7.3           Data Protection. When MANTIS ROBOTICS processes personal data on Customer’s behalf in connection with Products or Services, the terms set out at (https://www.mantis-robotics.com/terms) are incorporated herein by reference and shall apply to the use of such Product and Services. Customer will indemnify and hold harmless MANTIS ROBOTICS, its affiliates and their representatives from any claims, damages, fines, and costs (including attorney’s fees and expenses) relating in any way to Customer’s noncompliance with applicable data protection laws.

8.              ADDITIONAL TERMS AND CONDITIONS

8.1           MANTIS ROBOTICS Affiliates. Companies directly or indirectly owned or controlled by MANTIS ROBOTICS’s ultimate parent company may exercise MANTIS ROBOTICS’s rights and fulfill MANTIS ROBOTICS’s obligations under this Agreement. MANTIS ROBOTICS remains responsible for its obligations hereunder.

8.2           Assignment. This Agreement will extend to and be binding upon the successors and permitted assigns of the parties. However, this Agreement and the licenses granted hereunder may not be assigned, sublicensed, or otherwise transferred (by operation of law or otherwise) by Customer without the prior written consent of MANTIS ROBOTICS.

8.3           Feedback. If Customer provides any ideas regarding the Products or Services, including suggestions for changes or enhancements, (collectively “Feedback”) in the course of using or evaluating the Products or Services, Customer agrees that such Feedback may be used by MANTIS ROBOTICS without condition or restriction.

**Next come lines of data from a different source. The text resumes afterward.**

Theorem theorem5 (R : realType) (lam : R) (K : nat -> nat)
  (Ga : forall n : nat, {set {set 'I_(K n)}}) :
  0 < lam ->
  (forall n, is_graph (Ga n)) ->
  ((fun n => (K n)%:R / Num.sqrt (n%:R : R)) @ \oo --> (0 : R)) ->
  ((fun n => EX0 lam n (Ga n)) @ \oo --> +oo) ->
  ((fun n => EL2 lam n (Ga n)) @ \oo --> (1 : R)) ->
  forall est : forall n : nat, {set {set 'I_n}} -> {set 'I_n},
    (forall n G, #|est n G| = K n) ->
    (fun n => overlap lam (Ga n) (est n) / (K n)%:R) @ \oo --> (0 : R).
Proof.
(* The bound needs no lower bound on E_0(X_Gamma). *)
move=> lam_gt0 Ga_graph K_sqrt _ EL2_1 est est_card.
apply/cvgrPdist_le => e e_gt0.
have e2_gt0 : 0 < e ^+ 2 / 2 by rewrite divr_gt0 ?exprn_gt0.
move/cvgrPdist_le/(_ _ e2_gt0): K_sqrt => K_sqrt.
move/cvgrPdist_le/(_ _ e2_gt0): EL2_1 => EL2_1.
near=> n.
have n_gt0 : (0 < n)%N by near: n; exact: nbhs_infty_gt.
rewrite sub0r normrN ger0_norm ?divr_ge0 ?overlap_ge0 //.
have [K0|K_gt0] := posnP (K n); first by rewrite [in X in _ / X]K0 invr0 mulr0 ltW.
have [N0|N_neq0] := eqVneq (ninj R (K n) n) 0.
  by rewrite /overlap N0 invr0 !mul0r ltW.
have Kn_le : (K n)%:R / n%:R <= e ^+ 2 / 2.
  apply: le_trans (ler_div_sqrt_natr _ (ler0n _ _)) _.
  have : `|0 - (K n)%:R / Num.sqrt (n%:R : R)| <= e ^+ 2 / 2 by near: n.
  by rewrite sub0r normrN ger0_norm ?divr_ge0 ?sqrtr_ge0.
have EL2_le : EL2 lam n (Ga n) - 1 <= e ^+ 2 / 2.
  have : `|1 - EL2 lam n (Ga n)| <= e ^+ 2 / 2 by near: n.
  by rewrite distrC; apply: le_trans (ler_norm _).
rewrite ler_pdivrMr ?ltr0n // mulrC.
apply: le_trans (overlap_le (pn_gt0 lam_gt0 n_gt0) (pn_le1 _ _) (Ga_graph n)
  (est_card n) e_gt0 n_gt0 N_neq0) _.
rewrite ler_pM2l ?ltr0n // [X in _ <= X]splitr lerD2l ler_pdivrMr ?mulr_gt0 //.
apply: le_trans (lerD Kn_le EL2_le) _.
by rewrite -splitr le_eqVlt; apply/predU1P; left; field.
Unshelve. all: by end_near.
Qed.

8.4           Force Majeure. Neither party will be liable for delay or failure to perform due to any cause beyond its reasonable control, which could not have been prevented by good industry practice, provided the delayed party promptly notifies the other party.

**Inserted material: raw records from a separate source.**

(* For every $J$-unitary $T$ on ${\cal K}$, $$g(V(T))=g(T),\qquad g_{\mathrm{ess}}(V(T))=g_{\mathrm{ess}}(T),$$ and $$g(T)=g(T^* )=g(T^{-1}),\qquad g_{\mathrm{ess}}(T)=g_{\mathrm{ess}}(T^* )=g_{\mathrm{ess}}(T^{-1}).$$
   Context: ${\cal H}$ is a separable complex Hilbert space, ${\cal K}={\cal H}\oplus{\cal H}$, $J=\begin{pmatrix}{\bf 1}&0\\0&-{\bf 1}\end{pmatrix}$. A bounded invertible $T=\begin{pmatrix}a&b\\c&d\end{pmatrix}$ is $J$-unitary if $T^*JT=J$; $V(T)=\begin{pmatrix}(a^* )^{-1}&bd^{-1}\\-d^{-1}c&d^{-1}\end{pmatrix}$ (a unitary). For a bounded operator $A$ on a Hilbert space set $$g(A)=\min\sigma\Bigl(({\bf 1}+A^*A)^{-\frac12}({\bf 1}-A)^*({\bf 1}-A)({\bf 1}+A^*A)^{-\frac12}\Bigr)=\sup\{g\ge0:\ g({\bf 1}+A^*A)<(A-{\bf 1})^*(A-{\bf 1})\},$$ and let $g_{\mathrm{ess}}(A)$ be defined by the same supremum except that the operator inequality is only required to hold on some subspace of finite codimension. *)

From HB Require Import structures.
From mathcomp Require Import all_boot all_order all_algebra.
From mathcomp Require Import complex.
From mathcomp Require Import boolp classical_sets reals constructive_ereal ereal.
From Stdlib Require Import ClassicalEpsilon.

Set Implicit Arguments.
Unset Strict Implicit.
Unset Printing Implicit Defensive.

Import Order.TTheory GRing.Theory Num.Theory.
Local Open Scope ring_scope.
Local Open Scope classical_set_scope.

Section Hilbert.
Variable R : realType.
Local Notation C := R[i].

Variable V : lmodType C.
Variable ip : V -> V -> C.

Definition nrm2 (x : V) : R := complex.Re (ip x x).
Definition nrm (x : V) : R := Num.sqrt (nrm2 x).

Definition is_inner_product : Prop :=
  [/\ (forall (a : C) (x y z : V), ip (a *: x + y) z = a * ip x z + ip y z),
      (forall x y : V, ip x y = (ip y x)^*),
      (forall x : V, 0 <= ip x x) &
      (forall x : V, ip x x = 0 -> x = 0)].

Definition is_complete : Prop :=
  forall u : nat -> V,
    (forall e : R, 0 < e -> exists N : nat, forall m n : nat,
        (N <= m)%N -> (N <= n)%N -> nrm (u m - u n) < e) ->
    exists l : V, forall e : R, 0 < e -> exists N : nat, forall n : nat,
        (N <= n)%N -> nrm (u n - l) < e.

Definition is_separable : Prop :=
  exists d : nat -> V, forall (x : V) (e : R), 0 < e ->
    exists n : nat, nrm (x - d n) < e.

Definition is_sep_hilbert : Prop :=
  [/\ is_inner_product, is_complete & is_separable].

Definition is_linear_op (A : V -> V) : Prop :=
  forall (a : C) (x y : V), A (a *: x + y) = a *: A x + A y.

Definition is_bounded_op (A : V -> V) : Prop :=
  is_linear_op A /\ exists M : R, forall x : V, nrm (A x) <= M * nrm x.

(* the adjoint A^* (chosen by classical choice; it exists and is unique for
   bounded A on a Hilbert space) *)
Definition adj (A : V -> V) : V -> V :=
  epsilon (inhabits (fun _ : V => 0))
    (fun B : V -> V => forall x y : V, ip (A x) y = ip x (B y)).

Definition is_inverse_op (A B : V -> V) : Prop :=
  is_bounded_op B /\ (forall x : V, B (A x) = x) /\ (forall x : V, A (B x) = x).

Definition invertible_op (A : V -> V) : Prop :=
  is_bounded_op A /\ exists B, is_inverse_op A B.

8.5           Notices. Notices relating to this Agreement will be in writing and sent to the party’s address as specified in the applicable Order. A party may change its address for receipt of notice by delivery of written notice to the other party.

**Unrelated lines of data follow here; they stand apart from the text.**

Lemma cont_on_shift f tau t : cont_from f (- tau) -> 0 <= t ->
  cont_on (fun s => f (t + s)) (- tau) 0.
Proof.
  intros Hf Ht s Hs.
  assert (C : continuity_pt (fun s => f (Rmax (t + s) (- tau))) s).
  { apply (continuity_pt_comp (fun s => t + s) (fun u => f (Rmax u (- tau)))); [reg|].
    now apply continuity_pt_cont_from_Rmax. }
  apply continuity_pt_filterlim in C. rewrite Rmax_left in C by lra.
  intros P HP. destruct (C P HP) as [e He]. exists e. intros u Hu Hsu.
  specialize (He u Hu). simpl in He. now rewrite Rmax_left in He by lra.
Qed.

Lemma RInt_shift (G : R -> R) a b t : (forall u, continuity_pt G u) ->
  RInt (fun s => G (t + s)) a b = RInt G (t + a) (t + b).
Proof.
  intros HG.
  assert (HE : ex_RInt G (1 * a + t) (1 * b + t)).
  { apply (@ex_RInt_continuous R_CompleteNormedModule).
    intros; now apply continuity_pt_filterlim. }
  rewrite <- (Rmult_1_l a), <- (Rmult_1_l b) at 2.
  rewrite (Rplus_comm t (1 * a)), (Rplus_comm t (1 * b)).
  rewrite <- (RInt_comp_lin G 1 t a b HE).
  apply RInt_ext. intros s _. unfold scal; simpl; unfold mult; simpl. rewrite Rmult_1_l. f_equal. ring.
Qed.

Lemma is_derive_RInt_window (G : R -> R) d t : (forall u, continuity_pt G u) ->
  is_derive (fun u => RInt G (u - d) u) t (G t - G (t - d)).
Proof.
  intros HG.
  assert (HC : forall u, continuous G u) by (intros; now apply continuity_pt_filterlim).
  replace (G t - G (t - d)) with (minus (scal 1 (G t)) (scal 1 (G (t - d))))
    by (unfold minus, plus, opp, scal; simpl; unfold mult; simpl; ring).
  apply (is_derive_RInt_bound_comp G (RInt G) (fun u => u - d) (fun u => u)); auto.
  - apply filter_forall. intros uv. apply (@RInt_correct R_CompleteNormedModule).
    apply (@ex_RInt_continuous R_CompleteNormedModule). auto.
  - auto_derive; [exact I | ring].
  - auto_derive; [exact I | ring].
Qed.

Lemma continuity_pt_RInt_window (G : R -> R) d t : (forall u, continuity_pt G u) ->
  continuity_pt (fun u => RInt G (u - d) u) t.
Proof.
  intros HG. apply continuity_pt_filterlim.
  apply (ex_derive_continuous (V := R_NormedModule) (fun u => RInt G (u - d) u)).
  eexists. now apply is_derive_RInt_window.
Qed.

Section Trajectory.

Variables (n : nat) (Mt : DMAS) (tau : R) (q : nat -> R) (x : R -> nat -> R).
Hypothesis Htau : 0 <= tau.
Hypothesis HMt : valid_DMAS n Mt.
Hypothesis Hdelay : delay_bound Mt tau.
Hypothesis x_cont : forall k, (k < n)%nat -> cont_from (fun t => x t k) (- tau).
Hypothesis x_nonneg : forall t k, - tau <= t -> (k < n)%nat -> 0 <= x t k.

(* [x] is extended to the left of [- tau] by its value at [- tau], so that the
   integrands below are continuous on all of [R]. *)
Definition reac_power i u := mpow n (x (Rmax u (- tau))) (reac Mt i).

Definition scaled_rate i := rate Mt i * fprod n (fun k => Rpower (q k) (- reac Mt i k)).

Definition h_path (a : nat -> R) t :=
  fsum n (fun j => a j * (x (Rmax t (- tau)) j +
    fsum (nreac Mt) (fun i =>
      (scaled_rate i * RInt (reac_power i) (t - delay Mt i) t) * (q j * reac Mt i j)))).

8.6           Language. If MANTIS ROBOTICS provides a translation of the English language version of this Agreement, the English language version of this Agreement will control in the event of any conflict.

8.7           Governing Law and Jurisdiction. This Agreement shall be subject to the applicable laws of United States of America. The United Nations Convention on Contracts for the International Sale of Goods shall not apply to this Agreement. Any dispute arising out of or in connection with this Agreement shall be resolved exclusively by the courts of (California, United States of America).

8.8           No Waiver; Validity and Enforceability. The failure to enforce any provision of this Agreement will not be construed as a waiver of such provision. If any provision of this Agreement is held to be invalid, illegal or unenforceable, the validity, legality and enforceability of the remaining provisions will not be affected, and such provision will be deemed restated to reflect the original intentions of the parties as nearly as possible in accordance with applicable law.

8.9           Entire Agreement and Order of Precedence. This Agreement constitutes the full and complete agreement between the parties with respect to the subject matter hereof and supersedes any previous or contemporaneous agreements or communications, whether written or verbal, relating to such subject matter. This Agreement may not be varied other than in writing by manual signatures or electronic signatures of authorized representatives of both parties. In the event of a conflict between this EULA and any Supplemental Terms, the Supplemental Terms prevail. In the event of a conflict between this Agreement and an Order, the Order prevails with respect to the Products or Services ordered thereunder. The terms of any purchase order or similar Customer document are excluded and such terms will not apply to any Order for Products or Services, and will not supplement or modify this Agreement.